How Susan B. Anthony Became the Most Recognizable Suffragist

A society of patriotic ladies, at Edenton in North Carolina.   (Library of Congress)

A society of patriotic ladies, at Edenton in North Carolina. (Library of Congress)

When I ask my college students to name a suffragist, most of them name Susan B. Anthony. Over a century after her death, many even recognize her picture. In 1979, she became the first woman whose portrait appeared on a circulating coin in the United States. A recent study by the National Women’s History Museum reveals that many states require students to learn about her. Soon, the first statue of historical women in Central Park will feature Anthony and fellow reformers Elizabeth Cady Stanton and Sojourner Truth.

How did Anthony’s face become so visible? Anthony was one of many women’s rights activists, but she was one of the few who dedicated her time to distributing portraits of reformers like herself. Anthony spent significant effort and money to mold the public image of the women’s rights movement.

Anthony borrowed visual strategies from the antislavery reformers, especially from Frederick Douglass and Sojourner Truth. Douglass and Truth sold their portraits to provide a model of black leadership that countered racist and sexist cartoons. Similarly, Anthony wanted to challenge cartoons that mocked female reformers. She distributed portraits to define the leaders of the movement and emphasize that women—especially well-off white women—could be public leaders, perhaps even president. Anthony’s portraits established a model for female leadership and defined which suffragists we most often remember today.
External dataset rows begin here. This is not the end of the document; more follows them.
Lemma reducible_usubst (G : list sty) (u : uterm) (T : sty) : stlc_typed G u T ->
  forall s, (forall x Tx, nth_error G x = Some Tx -> reducible Tx (s x)) ->
  reducible T (usubst s u).
Proof.
  induction 1 as [G x T Hx | G u T1 T2 _ IH | G u v T1 T2 _ IHu _ IHv];
    intros s Hs; simpl.
  - apply Hs, Hx.
  - apply reducible_lam. intros v Hv. rewrite usubst_up_usinst.
    apply IH. intros [|x] Tx Hx; simpl in Hx.
    + injection Hx as <-. exact Hv.
    + apply Hs, Hx.
  - apply (IHu s Hs), IHv, Hs.
Qed.

Lemma stlc_typed_SN (G : list sty) (u : uterm) (T : sty) : stlc_typed G u T -> SN u.
Proof.
  intros H. apply reducible_SN with T. rewrite <- usubst_var.
  apply reducible_usubst with G; auto using reducible_var.
Qed.

(** * Erasure of lambda^|> into the simply typed lambda-calculus *)

Fixpoint erase_ty (t : ty) : sty :=
  match t with
  | TBase _ => SBase
  | TArr t1 t2 => SArr (erase_ty t1) (erase_ty t2)
  | TQ _ t' => erase_ty t'
  | TAll t' => erase_ty t'
  end.

Fixpoint erase (M : tm) : uterm :=
  match M with
  | Var x => UVar x
  | App M1 M2 => UApp (erase M1) (erase M2)
  | Lam _ M' => ULam (erase M')
  | Quote _ M' => erase M'
  | Unquote _ M' => erase M'
  | TLam M' => erase M'
  | TApp M' _ => erase M'
  end.

Lemma erase_ty_tsubst (t : ty) : forall s, erase_ty (ty_tsubst s t) = erase_ty t.
Proof.
  assert (HQs : forall A t', erase_ty (tyQs A t') = erase_ty t')
    by (induction A; simpl; auto).
  induction t; intros; simpl; rewrite ?HQs; congruence.
Qed.

Lemma erase_tsubst (M : tm) : forall s, erase (tm_tsubst s M) = erase M.
Proof.
  assert (HQs : forall A N, erase (tmQs A N) = erase N)
    by (induction A; simpl; auto).
  assert (HUs : forall A N, erase (tmUs A N) = erase N)
    by (unfold tmUs; induction A; intros; simpl; rewrite ?IHA; auto).
  induction M; intros; simpl; rewrite ?HQs, ?HUs; congruence.
Qed.

Lemma erase_ren (M : tm) : forall r, erase (tm_ren r M) = uren r (erase M).
Proof. induction M; intros; simpl; rewrite ?IHM1, ?IHM2, ?IHM; reflexivity. Qed.

Lemma erase_subst (M : tm) : forall s,
  erase (tm_subst s M) = usubst (fun x => erase (s x)) (erase M).
Proof.
  induction M; intros; simpl; rewrite ?IHM1, ?IHM2, ?IHM; auto.
  - do 2 f_equal. extensionality n. destruct n; simpl; auto using erase_ren.
  - f_equal. extensionality n. apply erase_tsubst.
Qed.

Definition erase_ctx (G : ctx) : list sty := map (fun p => erase_ty (fst p)) G.

Lemma erase_has_type (G : ctx) (A : trans) (M : tm) (t : ty) :
  has_type G A M t -> stlc_typed (erase_ctx G) (erase M) (erase_ty t).
Proof.
  unfold erase_ctx. induction 1; simpl; auto.
  - constructor. erewrite map_nth_error; eauto. reflexivity.
  - constructor. auto.
  - econstructor; eauto.
  - unfold ctx_tshift in IHhas_type. rewrite map_map in IHhas_type.
    erewrite map_ext; [exact IHhas_type|]. intros. symmetry. apply erase_ty_tsubst.
  - rewrite erase_ty_tsubst. auto.
Qed.

(** * Steps invisible to erasure *)

Fixpoint tlam_count (M : tm) : nat :=
  match M with
  | Var _ => 0
  | App M1 M2 => tlam_count M1 + tlam_count M2
  | Lam _ M' | Quote _ M' | Unquote _ M' | TApp M' _ => tlam_count M'
  | TLam M' => S (tlam_count M')
  end.

Fixpoint tm_size (M : tm) : nat :=
  match M with
  | Var _ => 1
  | App M1 M2 => S (tm_size M1 + tm_size M2)
  | Lam _ M' | Quote _ M' | Unquote _ M' | TLam M' | TApp M' _ => S (tm_size M')
  end.

Lemma tlam_count_tsubst (M : tm) : forall s, tlam_count (tm_tsubst s M) = tlam_count M.
Proof.
  assert (HQs : forall A N, tlam_count (tmQs A N) = tlam_count N)
    by (induction A; simpl; auto).
  assert (HUs : forall A N, tlam_count (tmUs A N) = tlam_count N)
    by (unfold tmUs; induction A; intros; simpl; rewrite ?IHA; auto).
  induction M; intros; simpl; rewrite ?HQs, ?HUs; auto.
Qed.

Definition lex_lt (p q : nat * nat) : Prop :=
  fst p < fst q \/ (fst p = fst q /\ snd p < snd q).

Lemma lex_lt_wf : well_founded lex_lt.
Proof.
  apply wf_incl with (slexprod nat nat lt lt); [|apply wf_slexprod; apply lt_wf].
  intros [a b] [a' b'] [H | [H1 H2]]; simpl in *; [apply left_slex, H|].
  subst. apply right_slex, H2.
Qed.

Definition tm_measure (M : tm) : nat * nat := (tlam_count M, tm_size M).

Definition erasure_order (N M : tm) : Prop :=
  ustep (erase M) (erase N) \/
  (erase N = erase M /\ lex_lt (tm_measure N) (tm_measure M)).

Lemma step_erasure_order (M N : tm) : step M N -> erasure_order N M.
Proof.
  unfold erasure_order, lex_lt, tm_measure.
  induction 1; simpl;
    try (destruct IHstep as [Hs | [He Hlt]];
         [left; auto using ustep | simpl in Hlt; right; split; [congruence | lia]]; fail).
  - left. rewrite erase_subst.
    replace (fun x => erase (sinst N x)) with (usinst (erase N)).
    + constructor.
    + extensionality n; destruct n; reflexivity.
  - right. split; [reflexivity | right; lia].
  - right. rewrite erase_tsubst, tlam_count_tsubst. split; [reflexivity | left; lia].
Qed.

Lemma acc_erasure_order (M : tm) : SN (erase M) -> Acc erasure_order M.
Proof.
  intros H. remember (erase M) as u eqn:Hu. revert M Hu.
  induction H as [u _ IHu]; intros M Hu; subst.
  pose proof (lex_lt_wf (tm_measure M)) as Hm.
  remember (tm_measure M) as m eqn:Hmeq. revert M Hmeq IHu.
  induction Hm as [m _ IHm]; intros M Hmeq IHu; subst.
  constructor. intros N [Hs | [He Hlt]].
  - apply IHu with (erase N); auto.
  - apply IHm with (tm_measure N); auto. rewrite He. exact IHu.
Qed.

Lemma acc_no_infinite_chain {X : Type} (R : X -> X -> Prop) (x : X) :
  Acc (fun y x => R x y) x -> ~ (exists f : nat -> X, f 0 = x /\ forall n, R (f n) (f (S n))).
Proof.
  induction 1 as [x _ IH]. intros [f [H0 Hf]].
  apply (IH (f 1)); [rewrite <- H0; apply Hf|].
  exists (fun n => f (S n)). auto.
Qed.

Theorem mainTheorem3 (G : ctx) (A : trans) (M : tm) (t : ty) :
  has_type G A M t ->
  ~ (exists f : nat -> tm, f 0 = M /\ forall n, step (f n) (f (S n))).
Proof.
  intros Htyped.
  apply acc_no_infinite_chain.
  apply Acc_incl with erasure_order; [intros N M'; apply step_erasure_order|].
  apply acc_erasure_order, stlc_typed_SN with (erase_ctx G) (erase_ty t).
  apply erase_has_type with A, Htyped.
Qed.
Bloomerism in Practice   (National Museum of American History)

In early America, the public encountered very few printed portraits of women. Women were supposed to prefer the privacy of their homes to public life. While their painted portraits often hung in the homes of wealthy families, engravers rarely copied them to sell to the public. Portraits of George Washington sold, but few women were well-known so their portraits were less desirable.

Additionally, cartoons mocked women who participated in politics. During the American Revolution, artist Philip Dawe satirized women who boycotted tea. This print from 1775, called “A Society of Patriotic Ladies, at Edenton, in North Carolina,” depicts women ignoring a child to focus on their protest. These women are not idealized beauties. One drinks alcohol from a punch bowl. On the right, a black woman—probably an enslaved person—looks like she hopes to sign too. The cartoon demonstrates that women in politics threatened gender norms as well as an economy based on slavery and white supremacy. Printed in London and distributed to the colonies, buyers purchased expensive mezzotints like this one at print shops and from other merchants. They could have posted it in their home or in a gathering place like a tavern.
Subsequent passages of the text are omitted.